If there’s one thing we know about L.A. Lakers shooting guard Nick Young, it’s that he’s not short on confidence.
With a nickname like Swaggy P, that’s pretty fucking obvious. After all, this is the same guy who celebrated a three before it went in—it eventually rimmed out—made a damn fool out of himself after a Lakers win earlier this season after they beat the Boston Celtics in overtime, earning Swaggy quite the death stare from Kobe Bryant on late-night TV and, oh yeah, met his now fiance, Iggy Azalea, by asking her out on Twitter.
An obvious graduate from the School of Swag, Young knows that he can say pretty much whatever the hell he wants to, and it’s going to get a shit ton of attention.

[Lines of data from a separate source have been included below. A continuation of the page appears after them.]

(* For any unit-weight graph $G$, there is a persuasive binary signaling scheme with cost exactly $\mathsf{OPT}^{\mathsf{stable}}$.
   Context: Setting. $V$ is a finite set of $n$ task types and $W$ is a symmetric matrix with entries in $\{0,1\}$ and $W_{v,v}=1$ (the unit-weight graph $G$ has edges $\{u,v\}$, $u\ne v$, with $W_{u,v}=1$). A vector $\theta\in\mathbb{R}_{\ge0}^V$ is feasible if $W\theta\ge\mathbf 1$ coordinatewise, and stable if it is feasible and for every $v$, $\theta_v=\min\{x\ge0: x+\sum_{v'\neq v}W_{v,v'}\theta_{v'}\ge1\}$. $\mathsf{OPT}^{\mathsf{stable}}=\min\{\|\theta\|_1:\theta\text{ stable}\}$. Signaling. There are $n$ agents; the type profile $t=(t_1,\dots,t_n)$ is a uniformly random bijection $[n]\to V$. A signaling scheme with finite signal space $\Sigma\subset[0,1]$ is a map $\varphi$ assigning to each bijection $t$ a distribution $\varphi(t)$ on $\Sigma^V$; given $t$, $s\sim\varphi(t)$ is drawn and agent $i$ privately receives $s_{t_i}$. For agent $i$, a signal $\theta\in\Sigma$ with $\Pr[s_{t_i}=\theta]>0$ and $x\ge0$, let $Q_i(x\mid\theta)=\mathbb{E}\big[x+\sum_{v'\neq t_i}W_{t_i,v'}s_{v'}\,\big|\,s_{t_i}=\theta\big]$. The scheme is persuasive if for every agent $i$ and every such $\theta$: $Q_i(\theta\mid\theta)\ge1$ and $\theta=\min\{x\ge0:Q_i(x\mid\theta)\ge1\}$. Its cost is $\mathbb{E}[\|s\|_1]$. Binary means $|\Sigma|=2$. *)

From HB Require Import structures.
From mathcomp Require Import all_boot all_order all_algebra.
From mathcomp Require Import reals.
Set Implicit Arguments. Unset Strict Implicit. Unset Printing Implicit Defensive.
Import Order.TTheory GRing.Theory Num.Theory.
Local Open Scope ring_scope.

Definition is_least (R : realType) (P : R -> Prop) (m : R) : Prop :=
  P m /\ forall x, P x -> m <= x.

Definition unit_weight (R : realType) (V : finType) (W : V -> V -> R) : Prop :=
  (forall u v, W u v = 0 \/ W u v = 1) /\
  (forall u v, W u v = W v u) /\
  (forall v, W v v = 1).

Definition feasible (R : realType) (V : finType) (W : V -> V -> R) (th : V -> R) : Prop :=
  (forall v, 0 <= th v) /\ (forall v, 1 <= \sum_(v' : V) W v v' * th v').

Definition stable (R : realType) (V : finType) (W : V -> V -> R) (th : V -> R) : Prop :=
  feasible W th /\
  forall v, is_least (fun x => 0 <= x /\ 1 <= x + \sum_(v' : V | v' != v) W v v' * th v') (th v).

Definition l1norm (R : realType) (V : finType) (th : V -> R) : R := \sum_(v : V) `|th v|.

Definition is_OPT_stable (R : realType) (V : finType) (W : V -> V -> R) (c : R) : Prop :=
  is_least (fun y => exists th, stable W th /\ l1norm th = y) c.

(* type profiles: maps agents 'I_n -> V, n = |V|; only bijections have positive mass *)
Definition profile (V : finType) := {ffun 'I_#|V| -> V}.

Definition prior (R : realType) (V : finType) (t : profile V) : R :=
  if injectiveb t then (#|[set t' : profile V | injectiveb t']|%:R)^-1 else 0.

(* A signaling scheme: finite signal index type S, signal values sigma : S -> [0,1]
   (injective, so Sigma = image of sigma has |S| elements), and for every profile t
   a distribution phi t on Sigma^V (represented as {ffun V -> S}). *)
Definition is_scheme (R : realType) (V S : finType) (sigma : S -> R)
    (phi : profile V -> {ffun {ffun V -> S} -> R}) : Prop :=
  injective sigma /\ (forall a, 0 <= sigma a <= 1) /\
  forall t : profile V, injectiveb t ->
    (forall s, 0 <= phi t s) /\ \sum_(s : {ffun V -> S}) phi t s = 1.

Definition joint (R : realType) (V S : finType)
    (phi : profile V -> {ffun {ffun V -> S} -> R}) (t : profile V) (s : {ffun V -> S}) : R :=
  prior R t * phi t s.

Definition PrSig (R : realType) (V S : finType)
    (phi : profile V -> {ffun {ffun V -> S} -> R}) (i : 'I_#|V|) (a : S) : R :=
  \sum_(t : profile V) \sum_(s : {ffun V -> S}) joint phi t s * (s (t i) == a)%:R.

Definition Qexp (R : realType) (V S : finType) (W : V -> V -> R) (sigma : S -> R)
    (phi : profile V -> {ffun {ffun V -> S} -> R}) (i : 'I_#|V|) (x : R) (a : S) : R :=
  (\sum_(t : profile V) \sum_(s : {ffun V -> S})
      joint phi t s * (s (t i) == a)%:R *
      (x + \sum_(v' : V | v' != t i) W (t i) v' * sigma (s v'))) / PrSig phi i a.

Definition persuasive (R : realType) (V S : finType) (W : V -> V -> R) (sigma : S -> R)
    (phi : profile V -> {ffun {ffun V -> S} -> R}) : Prop :=
  forall (i : 'I_#|V|) (a : S), 0 < PrSig phi i a ->
    1 <= Qexp W sigma phi i (sigma a) a /\
    is_least (fun x => 0 <= x /\ 1 <= Qexp W sigma phi i x a) (sigma a).

Definition cost (R : realType) (V S : finType) (sigma : S -> R)
    (phi : profile V -> {ffun {ffun V -> S} -> R}) : R :=
  \sum_(t : profile V) \sum_(s : {ffun V -> S}) joint phi t s * l1norm (fun v => sigma (s v)).

(* A stable vector [th] of least l1 norm exists because the stable vectors form
   a compact set (they are the fixed points of th_v = max(0, 1 - sum_(w <> v)
   W_vw th_w) inside [0,1]^V).  Choose an independent set D inside the support
   of [th] such that every vertex of the support has a neighbour in D of at
   least its degree, and move the mass of every vertex onto such a neighbour.
   The result [q] lives on D, has total mass ||th||_1, satisfies q <= 1
   because (W th)_u = 1 on the support, and sum_u q_u deg u >= n because
   sum_u th_u deg u = sum_v (W th)_v >= n.
   The scheme draws independent signals s_u ~ Bernoulli(q_u) in {0,1},
   ignoring the type profile.  As the support of [q] is independent, an agent
   told 1 has no neighbour told 1, so 1 is its least best response.  For an
   agent told 0 the type is uniform, so its expected neighbour load is the
   ratio of E[sum_v [s_v = 0] (load of v)] to E[sum_v [s_v = 0]]; their
   difference is E[sum_u s_u deg u] - n >= 0, so 0 is its least best
   response.  The expected cost is sum_u q_u = ||th||_1. *)

From HB Require Import structures.
From mathcomp Require Import all_boot all_order all_algebra perm.
From mathcomp Require Import reals zify.

Set Implicit Arguments. Unset Strict Implicit. Unset Printing Implicit Defensive.
Import Order.TTheory GRing.Theory Num.Theory.

Section IndependentDomination.
Variables (V : finType) (adj : rel V) (d : V -> nat).
Hypotheses (adjC : symmetric adj) (adj_refl : reflexive adj).

Definition independent (D : {set V}) :=
  [forall u in D, forall w in D, (u != w) ==> ~~ adj u w].

Lemma independentP (D : {set V}) :
  reflect {in D &, forall u w, u != w -> ~~ adj u w} (independent D).
Proof.
apply: (iffP forall_inP) => [D_ind u w uD wD | D_ind u uD].
  by move/forall_inP: (D_ind u uD) => /(_ w wD)/implyP.
by apply/forall_inP => w wD; apply/implyP; exact: D_ind.
Qed.

(* Maximise the potential sum_(u in D) M ^ d u with M > #|V|: a vertex of P
   without a heavier neighbour in D could then replace all its (lighter)
   neighbours in D. *)
Lemma exists_independent_dominating_heavier (P : {set V}) :
  exists2 D : {set V}, (D \subset P) && independent D &
    forall v, v \in P -> exists2 u, u \in D & adj v u && (d v <= d u).
Proof.
pose M := #|V|.+1; pose potential (D : {set V}) := \sum_(u in D) M ^ d u.
pose admissible (D : {set V}) := (D \subset P) && independent D.
have adm0 : admissible set0.
  by rewrite /admissible sub0set; apply/independentP => u; rewrite inE.
case: (arg_maxnP potential adm0) => D /andP[DP /independentP D_ind] D_max.
exists D => [|v vP]; first by rewrite DP; exact/independentP.
have [/exists_inP//|/exists_inP no_heavier] :=
  boolP [exists u in D, adj v u && (d v <= d u)].
exfalso.
pose N := [set u | adj v u]; pose D' := v |: (D :\: N).
have vDN : v \notin D :\: N by rewrite !inE adj_refl.
have D'_adm : admissible D'.
  apply/andP; split.
    by apply/subsetP => x /setU1P[->//|/setDP[/(subsetP DP)]].
  apply/independentP => x y /setU1P[->|/setDP[xD xN]] /setU1P[->|/setDP[yD yN]].
  - by rewrite eqxx.
  - by rewrite inE in yN.
  - by rewrite inE adjC in xN.
  - exact: D_ind.
have := D_max D' D'_adm; rewrite /potential big_setU1 //= [X in _ <= X](big_setID N) /=.
suff : \sum_(u in D :&: N) M ^ d u < M ^ d v by lia.
have lighter u : u \in D :&: N -> M * M ^ d u <= M ^ d v.
  rewrite !inE => /andP[uD avu]; rewrite -expnS leq_pexp2l // ltnNge.
  by apply/negP => duv; apply: no_heavier; exists u => //; rewrite avu.
rewrite -(ltn_pmul2l (ltn0Sn #|V|)) -/M big_distrr /=.
apply: leq_ltn_trans (leq_sum _ lighter) _.
rewrite sum_nat_const ltn_pmul2r ?expn_gt0 //.
by rewrite ltnS max_card.
Qed.

End IndependentDomination.

Local Open Scope ring_scope.

Lemma is_least_shift (R : realType) (f : R -> R) (c m : R) :
  (forall x, f x = x + c) ->
  is_least (fun x => 0 <= x /\ 1 <= f x) m <-> m = Num.max 0 (1 - c).
Proof.
move=> fE; split => [[[m_ge0 m_ok] m_least]|->].
  rewrite fE -lerBlDr in m_ok.
  apply/eqP; rewrite eq_le ge_max m_ge0 m_ok andbT.
  have [c_ge1|c_lt1] := lerP 1 c.
    by rewrite le_max m_least // fE add0r.
  by rewrite le_max orbC m_least // fE ?subrK // subr_ge0 ltW.
split; [split|].
- by rewrite le_max lexx.
- by rewrite fE -lerBlDr le_max lexx orbT.
- by move=> x [x_ge0 x_ok]; rewrite ge_max x_ge0 lerBlDr -fE.
Qed.

Section UnitWeight.
Variables (R : realType) (V : finType) (W : V -> V -> R).
Hypothesis UW : unit_weight W.

Definition adjW : rel V := fun u w => W u w == 1.
Definition degree v : nat := #|[set w | adjW v w]|.
Definition nbr_sum (th : V -> R) v := \sum_(w | w != v) W v w * th w.

Lemma W_sym u w : W u w = W w u.
Proof. by case: UW => _ []. Qed.

Lemma W_diag v : W v v = 1.
Proof. by case: UW => _ []. Qed.

Lemma W_adj u w : W u w = (adjW u w)%:R.
Proof.
by rewrite /adjW; case: UW => /(_ u w)[]-> _; rewrite ?eqxx // eq_sym oner_eq0.
Qed.

Lemma W_ge0 u w : 0 <= W u w.
Proof. by rewrite W_adj ler0n. Qed.

Lemma adjW_sym : symmetric adjW.
Proof. by move=> u w; rewrite /adjW W_sym. Qed.

Lemma adjW_refl : reflexive adjW.
Proof. by move=> v; rewrite /adjW W_diag. Qed.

His most recent moment? That came the other day when he was asked about the rumors of one of the greatest sports movies ever, Space Jam, potentially coming out with a sequel.
First stating that he would, obviously, want to make an appearance in the film, playing one of the villains for the newly formed team, the Swag Stars, he followed up with something that might have caught a few people off-guard.
Calling L.A. Clippers’ All-Star forward Blake Griffin, “too beige” to play the role of Michael Jordan in the follow-up act, Swaggy went on to say Griffin would need to play a supporting role, instead having LeBron James take the lead.
Of course, Young did all of this in his usual, casual and tongue-in-cheek manner, poking fun at his fellow City of Angels star from an in-city rival.
When asked who his sidekicks would be on the villainous team, Young responded with a few players who would be fucking rad to see make an appearance, mentioning Draymond Green, Kevin Garnett and J.R Smith as three of his mates. Shit, with KG’s penchant for stirring the pot as a real-life villain—remember when he shit all over Carmelo Anthony’s wife a couple years ago, causing a stand-off in the damn arena parking lot?—I’d say he gets the lead for the biggest asshole of them all in Space Jam 2.
Regardless of which players actually get parts in this rumored-to-be sequel, one thing is clear, make Nick Young the fucking Casting Director right now, he clearly has a talent at picking roles for guys.